== Segment start ==

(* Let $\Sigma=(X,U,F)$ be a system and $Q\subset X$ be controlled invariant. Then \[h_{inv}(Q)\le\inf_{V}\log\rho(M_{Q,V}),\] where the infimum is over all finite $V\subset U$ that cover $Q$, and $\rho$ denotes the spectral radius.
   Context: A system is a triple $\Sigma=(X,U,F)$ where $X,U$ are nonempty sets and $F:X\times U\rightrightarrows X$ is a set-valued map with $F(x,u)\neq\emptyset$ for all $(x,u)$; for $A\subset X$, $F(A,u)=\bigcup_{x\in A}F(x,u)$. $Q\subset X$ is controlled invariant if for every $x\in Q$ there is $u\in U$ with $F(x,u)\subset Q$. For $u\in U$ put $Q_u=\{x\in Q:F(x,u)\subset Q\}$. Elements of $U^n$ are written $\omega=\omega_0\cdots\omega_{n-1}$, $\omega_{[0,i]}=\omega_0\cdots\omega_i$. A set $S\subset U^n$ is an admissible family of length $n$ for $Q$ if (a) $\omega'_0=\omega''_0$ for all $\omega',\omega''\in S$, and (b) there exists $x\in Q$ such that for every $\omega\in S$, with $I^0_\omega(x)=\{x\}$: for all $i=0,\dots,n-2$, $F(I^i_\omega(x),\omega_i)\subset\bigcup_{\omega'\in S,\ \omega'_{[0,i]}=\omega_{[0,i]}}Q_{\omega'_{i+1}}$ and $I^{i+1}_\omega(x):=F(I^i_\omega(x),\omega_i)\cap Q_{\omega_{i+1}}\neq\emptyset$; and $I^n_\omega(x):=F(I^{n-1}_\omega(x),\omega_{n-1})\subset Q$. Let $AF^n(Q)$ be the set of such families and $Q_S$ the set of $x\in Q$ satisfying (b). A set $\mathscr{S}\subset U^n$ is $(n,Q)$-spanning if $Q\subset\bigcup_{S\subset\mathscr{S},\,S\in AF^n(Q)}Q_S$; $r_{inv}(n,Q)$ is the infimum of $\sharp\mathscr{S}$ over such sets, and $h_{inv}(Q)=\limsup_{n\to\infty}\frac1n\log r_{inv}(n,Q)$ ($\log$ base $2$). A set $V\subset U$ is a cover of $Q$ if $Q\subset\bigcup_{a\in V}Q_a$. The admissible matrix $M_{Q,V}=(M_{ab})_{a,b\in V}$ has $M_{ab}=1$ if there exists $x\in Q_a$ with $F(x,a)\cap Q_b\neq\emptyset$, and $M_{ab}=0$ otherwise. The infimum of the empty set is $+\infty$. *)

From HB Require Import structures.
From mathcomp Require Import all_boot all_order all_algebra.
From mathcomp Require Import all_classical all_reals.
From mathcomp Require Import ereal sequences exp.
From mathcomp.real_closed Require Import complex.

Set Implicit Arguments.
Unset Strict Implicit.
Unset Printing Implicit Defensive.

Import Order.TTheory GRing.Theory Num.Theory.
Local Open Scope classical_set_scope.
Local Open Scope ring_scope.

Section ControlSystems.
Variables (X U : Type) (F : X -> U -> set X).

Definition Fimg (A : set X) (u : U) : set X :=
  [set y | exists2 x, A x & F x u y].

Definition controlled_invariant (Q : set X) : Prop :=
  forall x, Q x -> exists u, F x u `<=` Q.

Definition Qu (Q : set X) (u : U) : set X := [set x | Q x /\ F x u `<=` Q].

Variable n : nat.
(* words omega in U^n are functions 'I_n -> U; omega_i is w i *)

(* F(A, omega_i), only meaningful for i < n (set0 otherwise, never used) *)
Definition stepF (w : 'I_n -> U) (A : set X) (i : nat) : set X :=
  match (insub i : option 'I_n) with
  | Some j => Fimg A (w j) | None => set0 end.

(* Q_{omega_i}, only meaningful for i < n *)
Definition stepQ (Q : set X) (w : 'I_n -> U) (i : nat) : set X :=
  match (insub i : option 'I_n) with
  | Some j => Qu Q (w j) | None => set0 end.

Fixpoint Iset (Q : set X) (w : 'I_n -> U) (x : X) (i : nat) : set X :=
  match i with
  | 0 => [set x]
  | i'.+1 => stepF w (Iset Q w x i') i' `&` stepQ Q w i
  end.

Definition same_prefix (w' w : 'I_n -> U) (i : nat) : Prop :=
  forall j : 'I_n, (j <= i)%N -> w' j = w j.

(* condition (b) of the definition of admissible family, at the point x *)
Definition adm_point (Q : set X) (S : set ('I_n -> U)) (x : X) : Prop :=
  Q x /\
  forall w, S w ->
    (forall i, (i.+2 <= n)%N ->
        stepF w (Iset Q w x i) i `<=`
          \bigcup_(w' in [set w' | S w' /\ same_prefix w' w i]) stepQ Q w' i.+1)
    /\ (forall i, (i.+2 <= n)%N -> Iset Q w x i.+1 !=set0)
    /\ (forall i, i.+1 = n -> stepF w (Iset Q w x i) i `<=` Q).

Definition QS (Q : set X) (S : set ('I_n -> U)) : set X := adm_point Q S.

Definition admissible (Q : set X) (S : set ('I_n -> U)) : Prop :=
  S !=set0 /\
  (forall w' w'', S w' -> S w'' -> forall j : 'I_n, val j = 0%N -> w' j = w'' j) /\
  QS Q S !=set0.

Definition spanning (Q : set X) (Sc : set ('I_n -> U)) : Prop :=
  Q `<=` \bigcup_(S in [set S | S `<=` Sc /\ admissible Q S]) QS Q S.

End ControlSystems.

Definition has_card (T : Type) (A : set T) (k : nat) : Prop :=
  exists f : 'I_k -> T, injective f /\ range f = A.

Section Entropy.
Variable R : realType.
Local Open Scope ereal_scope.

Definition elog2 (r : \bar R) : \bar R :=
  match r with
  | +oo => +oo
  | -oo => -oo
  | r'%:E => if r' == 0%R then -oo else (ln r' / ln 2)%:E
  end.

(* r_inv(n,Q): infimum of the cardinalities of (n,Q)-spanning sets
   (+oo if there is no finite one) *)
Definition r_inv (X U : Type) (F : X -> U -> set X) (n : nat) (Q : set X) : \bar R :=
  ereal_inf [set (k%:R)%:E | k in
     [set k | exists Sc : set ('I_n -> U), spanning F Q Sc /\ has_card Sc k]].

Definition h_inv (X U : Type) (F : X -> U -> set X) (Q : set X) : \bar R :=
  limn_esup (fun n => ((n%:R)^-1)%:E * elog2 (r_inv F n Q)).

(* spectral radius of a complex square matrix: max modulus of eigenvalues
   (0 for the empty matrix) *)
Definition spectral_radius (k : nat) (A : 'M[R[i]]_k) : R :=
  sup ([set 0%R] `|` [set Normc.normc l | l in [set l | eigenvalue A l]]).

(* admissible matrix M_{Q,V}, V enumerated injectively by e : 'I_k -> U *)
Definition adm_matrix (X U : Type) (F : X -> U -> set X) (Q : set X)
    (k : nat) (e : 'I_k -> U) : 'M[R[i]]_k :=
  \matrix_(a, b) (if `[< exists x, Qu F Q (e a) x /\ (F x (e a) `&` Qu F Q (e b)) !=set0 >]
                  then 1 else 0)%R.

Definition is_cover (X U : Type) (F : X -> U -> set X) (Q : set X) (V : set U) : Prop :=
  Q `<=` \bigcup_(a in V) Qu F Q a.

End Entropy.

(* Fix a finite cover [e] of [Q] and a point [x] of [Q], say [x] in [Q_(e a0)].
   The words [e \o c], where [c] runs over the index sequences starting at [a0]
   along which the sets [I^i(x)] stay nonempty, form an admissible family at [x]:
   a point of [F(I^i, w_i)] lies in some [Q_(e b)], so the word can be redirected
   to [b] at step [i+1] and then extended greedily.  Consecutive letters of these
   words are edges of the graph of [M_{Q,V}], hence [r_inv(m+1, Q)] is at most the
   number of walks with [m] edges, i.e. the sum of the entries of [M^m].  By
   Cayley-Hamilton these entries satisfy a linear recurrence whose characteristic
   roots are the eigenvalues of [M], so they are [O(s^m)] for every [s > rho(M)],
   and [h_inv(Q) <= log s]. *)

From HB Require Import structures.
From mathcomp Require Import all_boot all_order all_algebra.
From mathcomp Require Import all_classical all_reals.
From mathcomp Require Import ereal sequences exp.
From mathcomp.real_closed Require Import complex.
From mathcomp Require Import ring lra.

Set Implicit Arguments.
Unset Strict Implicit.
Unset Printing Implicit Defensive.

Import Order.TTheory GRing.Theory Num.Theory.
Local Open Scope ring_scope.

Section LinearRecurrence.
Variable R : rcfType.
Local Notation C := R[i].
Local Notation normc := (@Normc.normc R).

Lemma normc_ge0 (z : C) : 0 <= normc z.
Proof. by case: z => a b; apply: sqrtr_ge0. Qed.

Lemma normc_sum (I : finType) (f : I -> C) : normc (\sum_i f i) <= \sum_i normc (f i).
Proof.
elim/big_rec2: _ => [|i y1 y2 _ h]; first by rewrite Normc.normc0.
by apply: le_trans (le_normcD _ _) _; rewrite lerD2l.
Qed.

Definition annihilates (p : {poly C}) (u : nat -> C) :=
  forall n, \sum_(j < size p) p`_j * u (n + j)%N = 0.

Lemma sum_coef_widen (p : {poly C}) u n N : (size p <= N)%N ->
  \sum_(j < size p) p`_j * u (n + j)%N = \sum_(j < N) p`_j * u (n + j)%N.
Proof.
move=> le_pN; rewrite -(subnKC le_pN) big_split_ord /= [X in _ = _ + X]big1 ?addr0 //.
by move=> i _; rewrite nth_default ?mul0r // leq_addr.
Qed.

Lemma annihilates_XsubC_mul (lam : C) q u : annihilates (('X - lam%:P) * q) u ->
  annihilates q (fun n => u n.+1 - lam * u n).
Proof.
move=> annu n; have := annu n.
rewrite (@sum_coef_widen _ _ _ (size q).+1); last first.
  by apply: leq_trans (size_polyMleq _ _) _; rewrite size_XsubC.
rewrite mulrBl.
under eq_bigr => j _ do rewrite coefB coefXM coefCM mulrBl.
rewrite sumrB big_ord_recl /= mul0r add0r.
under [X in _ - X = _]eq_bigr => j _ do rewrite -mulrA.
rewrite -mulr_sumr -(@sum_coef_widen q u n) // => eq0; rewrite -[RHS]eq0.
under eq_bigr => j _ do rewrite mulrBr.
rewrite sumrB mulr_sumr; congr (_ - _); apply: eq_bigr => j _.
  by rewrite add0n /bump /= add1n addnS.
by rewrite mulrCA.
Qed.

== Segment end ==

Output the material above exactly, but only from the line that carries "(* Fix a finite" through the line that carries "move=> le_pN; rewrite".

(* Fix a finite cover [e] of [Q] and a point [x] of [Q], say [x] in [Q_(e a0)].
   The words [e \o c], where [c] runs over the index sequences starting at [a0]
   along which the sets [I^i(x)] stay nonempty, form an admissible family at [x]:
   a point of [F(I^i, w_i)] lies in some [Q_(e b)], so the word can be redirected
   to [b] at step [i+1] and then extended greedily.  Consecutive letters of these
   words are edges of the graph of [M_{Q,V}], hence [r_inv(m+1, Q)] is at most the
   number of walks with [m] edges, i.e. the sum of the entries of [M^m].  By
   Cayley-Hamilton these entries satisfy a linear recurrence whose characteristic
   roots are the eigenvalues of [M], so they are [O(s^m)] for every [s > rho(M)],
   and [h_inv(Q) <= log s]. *)

From HB Require Import structures.
From mathcomp Require Import all_boot all_order all_algebra.
From mathcomp Require Import all_classical all_reals.
From mathcomp Require Import ereal sequences exp.
From mathcomp.real_closed Require Import complex.
From mathcomp Require Import ring lra.

Set Implicit Arguments.
Unset Strict Implicit.
Unset Printing Implicit Defensive.

Import Order.TTheory GRing.Theory Num.Theory.
Local Open Scope ring_scope.

Section LinearRecurrence.
Variable R : rcfType.
Local Notation C := R[i].
Local Notation normc := (@Normc.normc R).

Lemma normc_ge0 (z : C) : 0 <= normc z.
Proof. by case: z => a b; apply: sqrtr_ge0. Qed.

Lemma normc_sum (I : finType) (f : I -> C) : normc (\sum_i f i) <= \sum_i normc (f i).
Proof.
elim/big_rec2: _ => [|i y1 y2 _ h]; first by rewrite Normc.normc0.
by apply: le_trans (le_normcD _ _) _; rewrite lerD2l.
Qed.

Definition annihilates (p : {poly C}) (u : nat -> C) :=
  forall n, \sum_(j < size p) p`_j * u (n + j)%N = 0.

Lemma sum_coef_widen (p : {poly C}) u n N : (size p <= N)%N ->
  \sum_(j < size p) p`_j * u (n + j)%N = \sum_(j < N) p`_j * u (n + j)%N.
Proof.
move=> le_pN; rewrite -(subnKC le_pN) big_split_ord /= [X in _ = _ + X]big1 ?addr0 //.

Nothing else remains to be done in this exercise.